(* Let $\tilde f(t)=t\int_{1}^{\infty}x^{-tx}\,dx$ for real $t>0$. Then $\tilde f(t)\to1$ as $t\to+\infty$.
   Context: $x^{-tx}=\exp(-tx\ln x)$ for $x\ge1$. *)

From Stdlib Require Import Reals.
From Coquelicot Require Import Coquelicot.
Open Scope R_scope.

(* x^{-t x} = exp(-t x ln x) for x >= 1 *)
Definition integrand (t x : R) : R := exp (- t * x * ln x).

Definition ftilde (t : R) : R :=
  t * RInt_gen (integrand t) (at_point 1) (Rbar_locally p_infty).

From Stdlib Require Import Reals Lra Classical.
From Coquelicot Require Import Coquelicot.
Open Scope R_scope.

(* For x >= 1 we have x - 1 <= x ln x <= x (x - 1).  The lower bound dominates
   the integrand by exp(-t(x-1)), whose integral over [1, oo) is 1/t: this gives
   convergence and ftilde t <= 1.  The upper bound, used only on [1, 1 + d],
   bounds the integrand below by exp(-t(1+d)(x-1)), whence
   ftilde t >= 1 - d - exp(-td) for every d > 0. *)

Lemma exp_le_compat x y : x <= y -> exp x <= exp y.
Proof. intros [Hlt | ->]; [left; apply exp_increasing |]; lra. Qed.

Lemma ln_le_sub_1 x : 0 < x -> ln x <= x - 1.
Proof.
  intros Hx. rewrite <- (ln_exp (x - 1)).
  apply ln_le; [exact Hx |]. pose proof (exp_ineq1_le (x - 1)). lra.
Qed.

Lemma sub_1_le_x_ln x : 0 < x -> x - 1 <= x * ln x.
Proof.
  intros Hx.
  assert (Hinv : - ln x <= / x - 1).
  { rewrite <- ln_Rinv by exact Hx. apply ln_le_sub_1, Rinv_0_lt_compat, Hx. }
  assert (Hxinv : x * / x = 1) by (field; lra).
  nra.
Qed.

Lemma exp_neg_lt_inv s : 0 < s -> exp (- s) < / s.
Proof.
  intros Hs. rewrite exp_Ropp. apply Rinv_lt_contravar.
  - apply Rmult_lt_0_compat; [exact Hs | apply exp_pos].
  - pose proof (exp_ineq1_le s). lra.
Qed.

Lemma nondecreasing_bounded_is_lim (F : R -> R) a M :
  (forall b b', a <= b -> b <= b' -> F b <= F b') ->
  (forall b, a <= b -> F b <= M) ->
  exists l : R, is_lim F p_infty l /\ (forall b, a <= b -> F b <= l) /\ l <= M.
Proof.
  intros Hmono HM.
  set (E := fun y => exists b, a <= b /\ y = F b).
  assert (HE : bound E) by (exists M; intros y [b [Hab ->]]; auto).
  assert (HEne : exists y, E y) by (exists (F a), a; split; lra).
  destruct (completeness E HE HEne) as [l [Hub Hlub]].
  assert (HFl : forall b, a <= b -> F b <= l) by (intros b Hb; apply Hub; exists b; auto).
  exists l. split; [| split; [exact HFl | apply Hlub; intros y [b [Hab ->]]; auto]].
  apply is_lim_spec. intros eps.
  assert (Hb0 : exists b0, a <= b0 /\ l - eps < F b0).
  { apply NNPP. intros Hnone.
    assert (l <= l - eps).
    { apply Hlub. intros y [b [Hab ->]]. apply Rnot_lt_le. intros Hlt.
      apply Hnone. exists b; auto. }
    destruct eps; simpl in *; lra. }
  destruct Hb0 as [b0 [Hab0 Hb0]].
  exists b0. intros x Hx.
  pose proof (Hmono b0 x Hab0 ltac:(lra)). pose proof (HFl x ltac:(lra)).
  rewrite Rabs_left1 by lra. lra.
Qed.

Lemma is_RInt_gen_p_infty_of_is_lim (f : R -> R) a (l : R) :
  (forall b, a <= b -> ex_RInt f a b) ->
  is_lim (fun b => RInt f a b) p_infty l ->
  is_RInt_gen f (at_point a) (Rbar_locally p_infty) l.
Proof.
  intros Hex Hlim. apply is_lim_spec in Hlim.
  apply filterlimi_locally. intros eps.
  destruct (Hlim eps) as [M HM].
  exists (fun x => x = a) (fun y => Rmax a M < y).
  - reflexivity.
  - exists (Rmax a M). auto.
  - intros x y -> Hy. exists (RInt f a y). split.
    + apply (@RInt_correct R_CompleteNormedModule), Hex.
      pose proof (Rmax_l a M). simpl in Hy. lra.
    + apply HM. pose proof (Rmax_r a M). simpl in Hy. lra.
Qed.

Lemma is_RInt_gen_nonneg_bounded (f : R -> R) a M :
  (forall b, a <= b -> ex_RInt f a b) ->
  (forall x, a <= x -> 0 <= f x) ->
  (forall b, a <= b -> RInt f a b <= M) ->
  exists l, is_RInt_gen f (at_point a) (Rbar_locally p_infty) l /\
    (forall b, a <= b -> RInt f a b <= l) /\ l <= M.
Proof.
  intros Hex Hpos HM.
  assert (Hmono : forall b b', a <= b -> b <= b' -> RInt f a b <= RInt f a b').
  { intros b b' Hab Hbb'.
    assert (Hex' : ex_RInt f b b').
    { apply (ex_RInt_Chasles_2 f a b b'); [lra | apply Hex; lra]. }
    rewrite <- (RInt_Chasles f a b b' (Hex b Hab) Hex').
    assert (0 <= RInt f b b') by (apply RInt_ge_0; auto; intros; apply Hpos; lra).
    unfold plus; simpl. lra. }
  destruct (nondecreasing_bounded_is_lim (fun b => RInt f a b) a M Hmono HM)
    as [l [Hlim Hbounds]].
  exists l. split; [| exact Hbounds].
  apply is_RInt_gen_p_infty_of_is_lim; assumption.
Qed.

Lemma is_RInt_exp_affine c b : c <> 0 ->
  is_RInt (fun x => exp (- c * (x - 1))) 1 b ((1 - exp (- c * (b - 1))) / c).
Proof.
  intros Hc.
  set (G := fun x => - exp (- c * (x - 1)) / c).
  replace ((1 - exp (- c * (b - 1))) / c) with (minus (G b) (G 1)).
  2: { unfold G, minus, plus, opp; simpl. replace (1 - 1) with 0 by ring.
       rewrite Rmult_0_r, exp_0. field. exact Hc. }
  apply (@is_RInt_derive R_CompleteNormedModule); intros x _.
  - unfold G. auto_derive; [exact I |].
    replace (x + - (1)) with (x - 1) by ring. field. exact Hc.
  - apply (@ex_derive_continuous R_AbsRing R_NormedModule). auto_derive. exact I.
Qed.

Lemma ex_RInt_integrand t a b : 0 < a -> a <= b -> ex_RInt (integrand t) a b.
Proof.
  intros Ha Hab. apply (@ex_RInt_continuous R_CompleteNormedModule). intros x Hx.
  rewrite Rmin_left in Hx by exact Hab.
  apply (@ex_derive_continuous R_AbsRing R_NormedModule).
  unfold integrand. auto_derive. lra.
Qed.

Lemma integrand_le_exp_affine t x : 0 <= t -> 0 < x ->
  integrand t x <= exp (- t * (x - 1)).
Proof.
  intros Ht Hx. apply exp_le_compat.
  pose proof (sub_1_le_x_ln x Hx). nra.
Qed.

Lemma exp_affine_le_integrand t d x : 0 <= t -> 1 <= x <= 1 + d ->
  exp (- (t * (1 + d)) * (x - 1)) <= integrand t x.
Proof.
  intros Ht Hx. apply exp_le_compat.
  pose proof (ln_le_sub_1 x ltac:(lra)).
  assert (x * ln x <= (1 + d) * (x - 1)) by nra.
  nra.
Qed.

Lemma RInt_integrand_le t b : 0 < t -> 1 <= b -> RInt (integrand t) 1 b <= / t.
Proof.
  intros Ht Hb.
  apply Rle_trans with (RInt (fun x => exp (- t * (x - 1))) 1 b).
  - apply RInt_le; [exact Hb | apply ex_RInt_integrand; lra
                  | eexists; apply is_RInt_exp_affine; lra |].
    intros x Hx. apply integrand_le_exp_affine; lra.
  - rewrite (is_RInt_unique _ _ _ _ (is_RInt_exp_affine t b ltac:(lra))).
    pose proof (exp_pos (- t * (b - 1))). unfold Rdiv.
    rewrite <- (Rmult_1_l (/ t)) at 2.
    apply Rmult_le_compat_r; [left; apply Rinv_0_lt_compat |]; lra.
Qed.

Lemma integrand_RInt_gen t : 0 < t ->
  exists l, is_RInt_gen (integrand t) (at_point 1) (Rbar_locally p_infty) l /\
    (forall b, 1 <= b -> RInt (integrand t) 1 b <= l) /\ l <= / t.
Proof.
  intros Ht. apply is_RInt_gen_nonneg_bounded.
  - intros b Hb. apply ex_RInt_integrand; lra.
  - intros x _. left. apply exp_pos.
  - intros b Hb. apply RInt_integrand_le; assumption.
Qed.

Lemma t_RInt_integrand_ge t d : 0 < t -> 0 < d ->
  1 - d - exp (- (t * d)) <= t * RInt (integrand t) 1 (1 + d).
Proof.
  intros Ht Hd. set (c := t * (1 + d)).
  assert (Hc : 0 < c) by (unfold c; nra).
  assert (Hlow : (1 - exp (- c * d)) / c <= RInt (integrand t) 1 (1 + d)).
  { pose proof (is_RInt_unique _ _ _ _ (is_RInt_exp_affine c (1 + d) ltac:(lra))) as HI.
    replace (1 + d - 1) with d in HI by ring. rewrite <- HI.
    apply RInt_le; [lra | eexists; apply is_RInt_exp_affine; lra
                  | apply ex_RInt_integrand; lra |].
    intros x Hx. apply exp_affine_le_integrand; lra. }
  assert (Hcd : exp (- c * d) <= exp (- (t * d))) by (apply exp_le_compat; unfold c; nra).
  pose proof (exp_pos (- (t * d))).
  assert (Hscale : t * ((1 - exp (- c * d)) / c) = (1 - exp (- c * d)) / (1 + d))
    by (unfold c; field; lra).
  (* 1 / (1 + d) >= 1 - d *)
  assert (Hdiv : 1 - d - exp (- (t * d)) <= (1 - exp (- c * d)) / (1 + d)).
  { apply Rmult_le_reg_r with (1 + d); [lra |].
    unfold Rdiv. rewrite Rmult_assoc, Rinv_l by lra. nra. }
  pose proof (Rmult_le_compat_l t _ _ ltac:(lra) Hlow). lra.
Qed.

Lemma ftilde_bounds t d : 0 < t -> 0 < d ->
  1 - d - exp (- (t * d)) <= ftilde t <= 1.
Proof.
  intros Ht Hd.
  destruct (integrand_RInt_gen t Ht) as [l [Hl [Hpartial Hle]]].
  unfold ftilde. rewrite (is_RInt_gen_unique _ _ Hl). split.
  - apply Rle_trans with (t * RInt (integrand t) 1 (1 + d)).
    + apply t_RInt_integrand_ge; assumption.
    + apply Rmult_le_compat_l; [lra | apply Hpartial; lra].
  - replace 1 with (t * / t) by (field; lra). apply Rmult_le_compat_l; lra.
Qed.

Theorem mainTheorem9 :
  (forall t : R, 0 < t ->
     ex_RInt_gen (integrand t) (at_point 1) (Rbar_locally p_infty)) /\
  is_lim ftilde p_infty 1.
Proof.
  split.
  - intros t Ht. destruct (integrand_RInt_gen t Ht) as [l [Hl _]]. exists l. exact Hl.
  - apply is_lim_spec. intros eps.
    set (d := eps / 2).
    assert (Hd : 0 < d) by (unfold d; destruct eps; simpl; lra).
    (* t > 1/d^2 gives td > 1/d, hence exp(-td) < 1/(td) < d. *)
    exists (/ (d * d)). intros t Ht.
    assert (Htd : / d < t * d).
    { apply Rmult_lt_compat_r with (r := d) in Ht; [| exact Hd].
      replace (/ (d * d) * d) with (/ d) in Ht by (field; lra). exact Ht. }
    assert (Hinvd : 0 < / d) by (apply Rinv_0_lt_compat, Hd).
    assert (Hexp : exp (- (t * d)) < d).
    { apply Rlt_trans with (/ (t * d)); [apply exp_neg_lt_inv; lra |].
      rewrite <- (Rinv_inv d) at 2. apply Rinv_lt_contravar; nra. }
    destruct (ftilde_bounds t d ltac:(nra) Hd).
    rewrite Rabs_left1 by lra. unfold d in *. lra.
Qed.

══════════

The task> Each line in the data that holds the string "ltac" needs to be copied.

The completed task>
  pose proof (Hmono b0 x Hab0 ltac:(lra)). pose proof (HFl x ltac:(lra)).
  pose proof (ln_le_sub_1 x ltac:(lra)).
  - rewrite (is_RInt_unique _ _ _ _ (is_RInt_exp_affine t b ltac:(lra))).
  { pose proof (is_RInt_unique _ _ _ _ (is_RInt_exp_affine c (1 + d) ltac:(lra))) as HI.
  pose proof (Rmult_le_compat_l t _ _ ltac:(lra) Hlow). lra.
    destruct (ftilde_bounds t d ltac:(nra) Hd).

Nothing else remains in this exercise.